### WORK ORDER
Copy out the lines of the records below, and only those lines, from the one with "rho_lo <= rho" through the one with "Lemma network_vertex_flux_le gam", exactly as they appear.

### GIVEN DATA
From HB Require Import structures.
From mathcomp Require Import all_boot all_order all_algebra.
From mathcomp Require Import all_classical all_reals all_analysis.
From mathcomp Require Import ring lra.
Import Order.TTheory GRing.Theory Num.Theory.
Set Implicit Arguments. Unset Strict Implicit. Unset Printing Implicit Defensive.
Local Open Scope ring_scope.

(* The estimate is pointwise in time and vertex by vertex.  At a junction the
   two solutions have common enthalpies and conserve their fluxes, so after
   replacing the perturbed enthalpy by its own one (with [epsh] in place of
   [eps]) the jump terms cancel; only the discrepancy
   [(eps^2 - epsh^2) wh^2 / 2] remains.  At a boundary vertex the enthalpies
   equal the boundary data.  In both cases the flux difference is bounded by
   [2 a_hi rho_hi wbar], and summing over the finitely many vertices and edges
   gives the claim. *)

Lemma ler_norm_sqrt_sum (R : rcfType) (I : finType) (P : pred I) (f : I -> R) i :
  P i -> `|f i| <= Num.sqrt (\sum_(j | P j) f j ^+ 2).
Proof.
move=> Pi; rewrite -sqrtr_sqr ler_wsqrtr // (bigD1 i) //= lerDl.
by apply: sumr_ge0 => j _; exact: sqr_ge0.
Qed.

Lemma ler_norm_sum_card (R : numDomainType) (I : finType) (P : pred I) (F : I -> R) c :
  0 <= c -> (forall i, P i -> `|F i| <= c) -> `|\sum_(i | P i) F i| <= #|I|%:R * c.
Proof.
move=> c_ge0 F_le; apply: le_trans (ler_norm_sum _ _ _) _.
apply: (@le_trans _ _ (\sum_(i in I) c)); last by rewrite sumr_const mulr_natl.
by rewrite big_mkcond; apply: ler_sum => i _; case: ifP => [/F_le|].
Qed.

Definition junction_conditions (R : pzRingType) (I : finType) (P : pred I)
    (m h n : I -> R) : Prop :=
  \sum_(i | P i) m i * n i = 0 /\ exists hv, forall i, P i -> h i = hv.

Lemma junction_flux_sum (R : comPzRingType) (I : finType) (P : pred I)
    (h hh hh' m mh n : I -> R) :
  junction_conditions P m h n -> junction_conditions P mh hh' n ->
  \sum_(i | P i) (h i - hh i) * (m i - mh i) * n i
  = \sum_(i | P i) (hh' i - hh i) * (m i - mh i) * n i.
Proof.
move=> [m_cons [hv h_eq]] [mh_cons [hvh hh'_eq]].
have -> : \sum_(i | P i) (h i - hh i) * (m i - mh i) * n i
  = (hv - hvh) * (\sum_(i | P i) m i * n i - \sum_(i | P i) mh i * n i)
    + \sum_(i | P i) (hh' i - hh i) * (m i - mh i) * n i.
  rewrite mulrBr !mulr_sumr -sumrB -big_split /=.
  by apply: eq_bigr => i Pi; rewrite h_eq // hh'_eq //; ring.
by rewrite m_cons mh_cons subrr mulr0 add0r.
Qed.

Lemma vertex_flux_bound (R : realDomainType) (I : finType) (P : pred I)
    (h hh hh' m mh n : I -> R) (B S D : R) :
  0 <= B -> 0 <= S -> 0 <= D ->
  (forall i, P i -> `|m i - mh i| <= B) ->
  (forall i, P i -> `|n i| = 1) ->
  (forall i, P i -> `|hh' i - hh i| <= D) ->
  (junction_conditions P m h n /\ junction_conditions P mh hh' n)
    \/ (forall i, P i -> `|h i - hh' i| <= S) ->
  - \sum_(i | P i) (h i - hh i) * (m i - mh i) * n i <= #|I|%:R * ((S + D) * B).
Proof.
move=> B_ge0 S_ge0 D_ge0 m_le n_norm hh_le cases.
have term_le (k : I -> R) : (forall i, P i -> `|k i| <= S + D) ->
    - \sum_(i | P i) k i * (m i - mh i) * n i <= #|I|%:R * ((S + D) * B).
  move=> k_le; apply: le_trans (ler_norm _) _.
  rewrite normrN; apply: ler_norm_sum_card; first by rewrite mulr_ge0 ?addr_ge0.
  move=> i Pi; rewrite !normrM n_norm // mulr1.
  by apply: ler_pM; [exact: normr_ge0 | exact: normr_ge0 | exact: k_le | exact: m_le].
case: cases => [[junc junch] | boundary].
- rewrite (junction_flux_sum hh junc junch); apply: term_le => i Pi.
  by rewrite (le_trans (hh_le i Pi)) // lerDr.
- apply: term_le => i Pi.
  rewrite (_ : h i - hh i = (h i - hh' i) + (hh' i - hh i)); last by ring.
  by apply: le_trans (ler_normD _ _) _; apply: lerD; [exact: boundary | exact: hh_le].
Qed.

Lemma hmap_sub_eps (R : realType) (DP : nat -> R -> R) (g eps eps' zx r ww : R) :
  hmap DP g eps' zx r ww - hmap DP g eps zx r ww = (eps' ^+ 2 - eps ^+ 2) * (ww ^+ 2 / 2).
Proof. by rewrite /hmap; ring. Qed.

Lemma normr_mmap_le (R : realType) (a_hi rho_hi wbar ax r ww : R) :
  0 <= ax <= a_hi -> 0 <= r <= rho_hi -> `|ww| <= wbar ->
  `|mmap ax r ww| <= a_hi * rho_hi * wbar.
Proof.
move=> /andP[ax_ge0 ax_le] /andP[r_ge0 r_le] ww_le.
rewrite /mmap !normrM (ger0_norm ax_ge0) (ger0_norm r_ge0).
by rewrite !ler_pM ?mulr_ge0 ?normr_ge0.
Qed.

Lemma normr_nrm (R : realType) (V E : finType) (tgt : E -> V) (e : E) (v : V) :
  `|nrm tgt e v : R| = 1.
Proof. by rewrite /nrm; case: ifP; rewrite ?normrN normr1. Qed.

Lemma pos_in_edge (R : realType) (V E : finType) (tgt : E -> V) (ell : E -> R) e v :
  0 <= ell e -> 0 <= pos tgt ell e v <= ell e.
Proof. by rewrite /pos; case: ifP => _ ell_ge0; rewrite lexx ell_ge0. Qed.

Section NetworkVertex.
Variables (R : realType) (V E : finType) (src tgt : E -> V) (ell : E -> R).
Variables (DP : nat -> R -> R) (g : R) (a z : E -> R -> R).

Definition vertex_enthalpy (eps : R) (rho w : E -> R -> R -> R) (t : R) (v : V) (e : E) :=
  hmap DP g eps (z e (pos tgt ell e v)) (rho e t (pos tgt ell e v)) (w e t (pos tgt ell e v)).

Definition vertex_flux (rho w : E -> R -> R -> R) (t : R) (v : V) (e : E) :=
  mmap (a e (pos tgt ell e v)) (rho e t (pos tgt ell e v)) (w e t (pos tgt ell e v)).

Definition boundary_distance (hb hbh : V -> R) : R :=
  Num.sqrt (\sum_(v : V | degree src tgt v == 1%N) (hb v - hbh v) ^+ 2).

Variables (rho_lo rho_hi wbar T t : R).

Lemma network_solution_range gam eps hb rho w e x :
  network_solution src tgt ell DP g a z gam eps hb rho_lo rho_hi wbar T rho w ->
  0 <= t <= T -> 0 <= x <= ell e ->
  rho_lo <= rho e t x <= rho_hi /\ `|w e t x| <= wbar.
Proof.
move=> sol t_range x_range; have [drho [dw [dh [dm [sol_edge _]]]]] := sol.
by have [rho_range w_range] := (sol_edge e).1 t x t_range x_range; rewrite ler_norml.
Qed.

Lemma network_solution_junction gam eps hb rho w v :
  network_solution src tgt ell DP g a z gam eps hb rho_lo rho_hi wbar T rho w ->
  0 <= t <= T -> (1 < degree src tgt v)%N ->
  junction_conditions (fun e => incident src tgt e v) (vertex_flux rho w t v)
    (vertex_enthalpy eps rho w t v) (fun e => nrm tgt e v).
Proof.
by move=> [drho [dw [dh [dm [_ [sol_junction _]]]]]] t_range; apply: sol_junction.
Qed.

Lemma network_solution_boundary gam eps hb rho w v e :
  network_solution src tgt ell DP g a z gam eps hb rho_lo rho_hi wbar T rho w ->
  0 <= t <= T -> (degree src tgt v <= 1)%N -> incident src tgt e v ->
  degree src tgt v = 1%N /\ vertex_enthalpy eps rho w t v e = hb v.
Proof.
move=> [drho [dw [dh [dm [_ [_ sol_boundary]]]]]] t_range deg_le1 inc.
have deg1 : degree src tgt v = 1%N.
  apply/eqP; rewrite eqn_leq deg_le1 /=.
  by apply/card_gt0P; exists e; rewrite inE.
by split; last exact: sol_boundary.
Qed.

Variable a_hi : R.
Hypothesis ell_ge0 : forall e, 0 <= ell e.
Hypothesis a_range : forall e x, 0 <= x <= ell e -> 0 <= a e x <= a_hi.
Hypothesis rho_lo_ge0 : 0 <= rho_lo.

Lemma network_vertex_flux_le gam eps hb rho w v e :
  network_solution src tgt ell DP g a z gam eps hb rho_lo rho_hi wbar T rho w ->
  0 <= t <= T -> `|vertex_flux rho w t v e| <= a_hi * rho_hi * wbar.
Proof.
move=> sol t_range; have x_range := pos_in_edge tgt v (ell_ge0 e).
have [/andP[rho_ge rho_le] w_le] := network_solution_range sol t_range x_range.
apply: normr_mmap_le => //; first exact: a_range.
by rewrite rho_le (le_trans rho_lo_ge0).
Qed.

Hypotheses (a_hi_ge0 : 0 <= a_hi) (rho_hi_ge0 : 0 <= rho_hi) (wbar_ge0 : 0 <= wbar).

Lemma network_vertex_bound gam gamh eps epsh hb hbh rho w rhoh wh v :
  network_solution src tgt ell DP g a z gam eps hb rho_lo rho_hi wbar T rho w ->
  network_solution src tgt ell DP g a z gamh epsh hbh rho_lo rho_hi wbar T rhoh wh ->
  0 <= t <= T ->
  - \sum_(e | incident src tgt e v)
      (vertex_enthalpy eps rho w t v e - vertex_enthalpy eps rhoh wh t v e)
      * (vertex_flux rho w t v e - vertex_flux rhoh wh t v e) * nrm tgt e v
  <= #|E|%:R * ((boundary_distance hb hbh + `|eps ^+ 2 - epsh ^+ 2| * (wbar ^+ 2 / 2))
                * (2 * a_hi * rho_hi * wbar)).
Proof.
move=> sol solh t_range.
apply: (vertex_flux_bound (hh' := vertex_enthalpy epsh rhoh wh t v)).
- by rewrite !mulr_ge0.
- exact: sqrtr_ge0.
- by rewrite mulr_ge0 ?divr_ge0 ?sqr_ge0.
- move=> e _; have := ler_normB (vertex_flux rho w t v e) (vertex_flux rhoh wh t v e).
  have := network_vertex_flux_le v e sol t_range.
  have := network_vertex_flux_le v e solh t_range.
  lra.
- by move=> e _; exact: normr_nrm.
- move=> e _; rewrite /vertex_enthalpy hmap_sub_eps -normrN -mulNr opprB normrM.
  have x_range := pos_in_edge tgt v (ell_ge0 e).
  have [_ /ler_normlP[wh_ge wh_le]] := network_solution_range solh t_range x_range.
  rewrite ler_wpM2l // ger0_norm ?divr_ge0 ?sqr_ge0 //; nra.
- case: (ltnP 1 (degree src tgt v)) => [deg_gt1 | deg_le1].
    by left; split; [move: sol | move: solh] => /network_solution_junction; apply.
  right=> e inc.
  have [deg1 ->] := network_solution_boundary sol t_range deg_le1 inc.
  have [_ ->] := network_solution_boundary solh t_range deg_le1 inc.
  by apply: (ler_norm_sqrt_sum (fun u => hb u - hbh u)); rewrite /= deg1.
Qed.
End NetworkVertex.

### RESULT FOR THIS TASK
  rho_lo <= rho e t x <= rho_hi /\ `|w e t x| <= wbar.
Proof.
move=> sol t_range x_range; have [drho [dw [dh [dm [sol_edge _]]]]] := sol.
by have [rho_range w_range] := (sol_edge e).1 t x t_range x_range; rewrite ler_norml.
Qed.

Lemma network_solution_junction gam eps hb rho w v :
  network_solution src tgt ell DP g a z gam eps hb rho_lo rho_hi wbar T rho w ->
  0 <= t <= T -> (1 < degree src tgt v)%N ->
  junction_conditions (fun e => incident src tgt e v) (vertex_flux rho w t v)
    (vertex_enthalpy eps rho w t v) (fun e => nrm tgt e v).
Proof.
by move=> [drho [dw [dh [dm [_ [sol_junction _]]]]]] t_range; apply: sol_junction.
Qed.

Lemma network_solution_boundary gam eps hb rho w v e :
  network_solution src tgt ell DP g a z gam eps hb rho_lo rho_hi wbar T rho w ->
  0 <= t <= T -> (degree src tgt v <= 1)%N -> incident src tgt e v ->
  degree src tgt v = 1%N /\ vertex_enthalpy eps rho w t v e = hb v.
Proof.
move=> [drho [dw [dh [dm [_ [_ sol_boundary]]]]]] t_range deg_le1 inc.
have deg1 : degree src tgt v = 1%N.
  apply/eqP; rewrite eqn_leq deg_le1 /=.
  by apply/card_gt0P; exists e; rewrite inE.
by split; last exact: sol_boundary.
Qed.

Variable a_hi : R.
Hypothesis ell_ge0 : forall e, 0 <= ell e.
Hypothesis a_range : forall e x, 0 <= x <= ell e -> 0 <= a e x <= a_hi.
Hypothesis rho_lo_ge0 : 0 <= rho_lo.

Lemma network_vertex_flux_le gam eps hb rho w v e :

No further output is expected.